I recently had to build an inference server that needed to be able to communicate with an API server with minimal latency.
I started with gRPC and protobuf since it’s what everyone recommends, yet after a lot of benchmarking, I found a way faster method to be serving MessagePack over HTTP with a Litestar Python server (it’s much faster than FastAPI), using msgspec for super fast MessagePack encoding and ormsgpack for super fast decoding.
Not sure how this beat protobuf and gRPC but it did. Perhaps the Python implementation is just slow. It was still faster than JSON over HTTP, however.
It's like JSON in that it's a serialisation format.
Is there a non-teleological manner in which to evaluate standards?
> The most useful aspect of JSON is undoubtedly wide support
This is a fantastic example of how widespread technology doesn't imply quality.
Don't get me wrong, I love JSON. It's a useful format with many implementations of varying quality. But it's also a major pain in the ass to deal with: encoding errors, syntax errors, no byte syntax, schemas are horribly implemented. It's used because it's popular, not because it has some particular benefit.
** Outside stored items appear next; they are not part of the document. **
Lemma dist_to_approx a b f (S T : (R -> R) -> Prop) : a <= b -> cont_on a b f ->
  (forall s, S s -> cont_on a b s) -> (forall r, T r -> cont_on a b r) ->
  (exists r, T r) ->
  (forall r, T r -> forall eps, 0 < eps ->
     exists s, S s /\ forall t, a <= t <= b -> Rabs (s t - r t) <= eps) ->
  dist_to a b f S <= dist_to a b f T.
Proof.
  intros Hab Hf HS HT [r0 Hr0] Happrox. unfold dist_to.
  destruct (Rinf_spec (fun d => exists r, T r /\ d = sup_norm a b (fun t => f t - r t)))
    as [_ HglbT].
  { exists (sup_norm a b (fun t => f t - r0 t)), r0. split; [exact Hr0 | reflexivity]. }
  { intros d [r [Hr ->]]. apply sup_norm_diff; auto. }
  destruct (Rinf_spec (fun d => exists s, S s /\ d = sup_norm a b (fun t => f t - s t)))
    as [HlbS _].
  { destruct (Happrox r0 Hr0 1) as [s [Hs _]]; [lra |].
    exists (sup_norm a b (fun t => f t - s t)), s. split; [exact Hs | reflexivity]. }
  { intros d [s [Hs ->]]. apply sup_norm_diff; auto. }
  apply HglbT. intros d [r [Hr ->]]. apply Rle_plus_epsilon. intros eps Heps.
  destruct (Happrox r Hr eps Heps) as [s [Hs Hsr]].
  eapply Rle_trans; [apply HlbS; exists s; split; [exact Hs | reflexivity] |].
  destruct (sup_norm_diff a b f r Hab Hf (HT r Hr)) as [Hdom _].
  apply (sup_norm_spec a b (fun t => f t - s t)); [exact Hab |].
  intros t Ht. pose proof (Rabs_tri (f t) (r t) (s t)). specialize (Hdom t Ht).
  specialize (Hsr t Ht). rewrite Rabs_minus_sym in Hsr. lra.
Qed.

Lemma poly_cont k p t : is_poly k p -> continuity_pt p t.
Proof.
  intros [c Hc].
  replace p with (fun s => sum_f_R0 (fun j => c j * s ^ j) k)
    by (apply functional_extensionality; intros s; symmetry; apply Hc).
  apply (sum_cont (fun j s => c j * s ^ j)). intros j. reg.
Qed.

Lemma rat_cont a b l m r : rat_class a b l m r -> cont_on a b r.
Proof.
  intros [p [q [Hp [Hq [Hpos ->]]]]]. apply cont_on_of_continuity. intros t Ht.
  apply continuity_pt_div; [eapply poly_cont; eauto | eapply poly_cont; eauto |].
  specialize (Hpos t Ht). lra.
Qed.

Lemma rat_class_nonempty a b l m : exists r, rat_class a b l m r.
Proof.
  exists (fun _ => 0 / 1), (fun _ => 0), (fun _ => 1). split; [| split; [| split]].
  - exists (fun _ => 0). intros t. symmetry. apply sum_eq_R0. intros; ring.
  - exists (fun j => match j with O => 1 | _ => 0 end). intros t.
    induction m as [| m IH]; [simpl; ring |]. rewrite tech5, <- IH. ring.
  - intros; lra.
  - reflexivity.
Qed.

Section FractalBernstein.

Variables (x : nat -> R) (N : nat) (alpha : nat -> R).
Hypothesis Hpart : is_partition x N.
Hypothesis Halpha : forall i, (1 <= i <= N)%nat -> -1 < alpha i < 1.

Local Notation x0 := (x 0%nat).
Local Notation xN := (x N).

Lemma fractal_bernstein_spec n r : cont_on x0 xN r -> (1 <= n)%nat ->
  is_fractal x N alpha r (bernstein x0 xN n r) (fractal_bernstein x N alpha n r).
Proof.
  intros Hr Hn. pose proof (part_ab x N Hpart) as Hab.
  apply fractal_spec; try assumption.
  - apply cont_on_of_continuity. intros t _. apply bernstein_cont.
  - apply bernstein_left; assumption.
  - apply bernstein_right; assumption.
Qed.

Lemma frat_cont l m s : frat_class x N alpha l m s -> cont_on x0 xN s.
Proof.
  intros [r [n [Hr [Hn ->]]]]. apply fractal_bernstein_spec; [| exact Hn].
  eapply rat_cont. exact Hr.
Qed.

(* Every rational function r is a uniform limit of the fractal functions
   F^alpha_{Delta,B_n}(r): by the error bound they are within
   A ||r - B_n r|| / (1 - A) of r, and B_n r -> r uniformly. *)
Lemma fractal_bernstein_close l m r : rat_class x0 xN l m r ->
  forall eps, 0 < eps -> exists s, frat_class x N alpha l m s /\
    forall t, x0 <= t <= xN -> Rabs (s t - r t) <= eps.
Proof.
  intros Hr eps Heps. pose proof (part_ab x N Hpart) as Hab.
  pose proof (rat_cont _ _ l m r Hr) as Hrc.
  assert (HA : 0 <= amax alpha N < 1)
    by (split; [apply amax_ge | apply amax_lt1; exact Halpha]).
  set (A := amax alpha N) in *.
  destruct (bernstein_converges x0 xN r Hab Hrc (eps * (1 - A))) as [n [Hn Hbn]].
  { apply Rmult_lt_0_compat; lra. }
  exists (fractal_bernstein x N alpha n r). split; [exists r, n; auto |].
  intros t Ht. eapply Rle_trans.
  - apply (fractal_err x N alpha r (bernstein x0 xN n r)); try assumption.
    + apply fractal_bernstein_spec; assumption.
    + intros s Hs. rewrite Rabs_minus_sym. apply Hbn. exact Hs.
  - fold A. replace (A * (eps * (1 - A)) / (1 - A)) with (A * eps) by (field; lra).
    nra.
Qed.

End FractalBernstein.

Theorem theorem3p9 (x : nat -> R) (N : nat) (alpha : nat -> R)
  (Hpart : is_partition x N)
  (Halpha : forall i, (1 <= i <= N)%nat -> -1 < alpha i < 1)
  (f : R -> R) (Hf : cont_on (x 0%nat) (x N) f) (l m : nat) :
  dist_to (x 0%nat) (x N) f (frat_class x N alpha l m)
  <= dist_to (x 0%nat) (x N) f (rat_class (x 0%nat) (x N) l m).
Proof.
  apply dist_to_approx.
  - left. apply part_ab. exact Hpart.
  - exact Hf.
  - intros s. apply frat_cont; assumption.
  - intros r. apply rat_cont.
  - apply rat_class_nonempty.
  - intros r Hr. apply fractal_bernstein_close; assumption.
Qed.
In fact, I'd argue JSON's largest benefit as opposed to competitive serializers has been to not give a fuck about the quality of (de)serialization. Who gives a fuck about the semantics of parsing a number when that's your problem?!?
+ The Object and Array needs to be entirely and deep parsed. You cannot skip them.
+ Object and Array cannot be streamed when writing. They require a 'count' at the beginning, and since the 'count' size can vary in number of bytes, you can't even "walk back" and update it. It would have been MUCH, MUCH better to have a "begin" and "end" tag --- err pretty much like JSON has, really.
You can alleviate the problems by using extensions, store a byte count to skip etc etc but really, if you start there, might as well use another format altogether.
Also, from my tests, it is not particularly more compact, unless again you spend some time and add a hash table for keys and embed that -- but then again, at that point where it becomes valuable, might as well gzip the JSON!
So in the end it is a lot better in my experience to use some sort of 'extended' JSON format, with the idiocies removed (trailing commas, forcing double-quote for keys etc).
Most languages know exactly how many elements a collection has (to say nothing of the number of members in a struct).
For example, pseudo code in a sub-function:
if (that) write_field('that'); if (these) write_field('these');
With messagepack you have to go and apply the logic to count, then again to write. And keep a state for each levels etc.
For example, consider serializing something like [fetch(url1), join(fetch(url2), fetch(url3))]. The outer count is knowable, but the inner isn't. Even if the size of fetch(url2) and fetch(url3) are known, evaluating a join function may produce an unknown number of matches in its (streaming) output.
JSON, Protobuf, etc. can be very efficiently streamed, but it sounds like MessagePack is not designed for this. So processing the above would require pre-rendering the data in memory and then serializing it, which may require too much memory.
Protobuf yes, JSON no: you can't properly deserialize a JSON collection until it is fully consumed. The same issue you're highlighting for serializing MessagePack occurs when deserializing JSON. I think MessagePack is very much written with streaming in mind. It makes sense to trade write-efficiency for read-efficiency. Especially as the entity primarily affected by the tradeoff is the one making the cut, in case of msgpack. It all depends on your workloads but Ive done benchmarks for past work where msgpack came up on top. It can often be a good fit for when you need to do stuff in Redis.
(If anyone thinks to counter with JSONL, well, there's no reason you can't do the same with msgpack).
How do these things matter in any use case where a binary protocol might be a viable alternative? These specific issues are problems for human-readability and -writability, right? But if msgpack was a viable technology for a particular use case, those concerns must already not exist.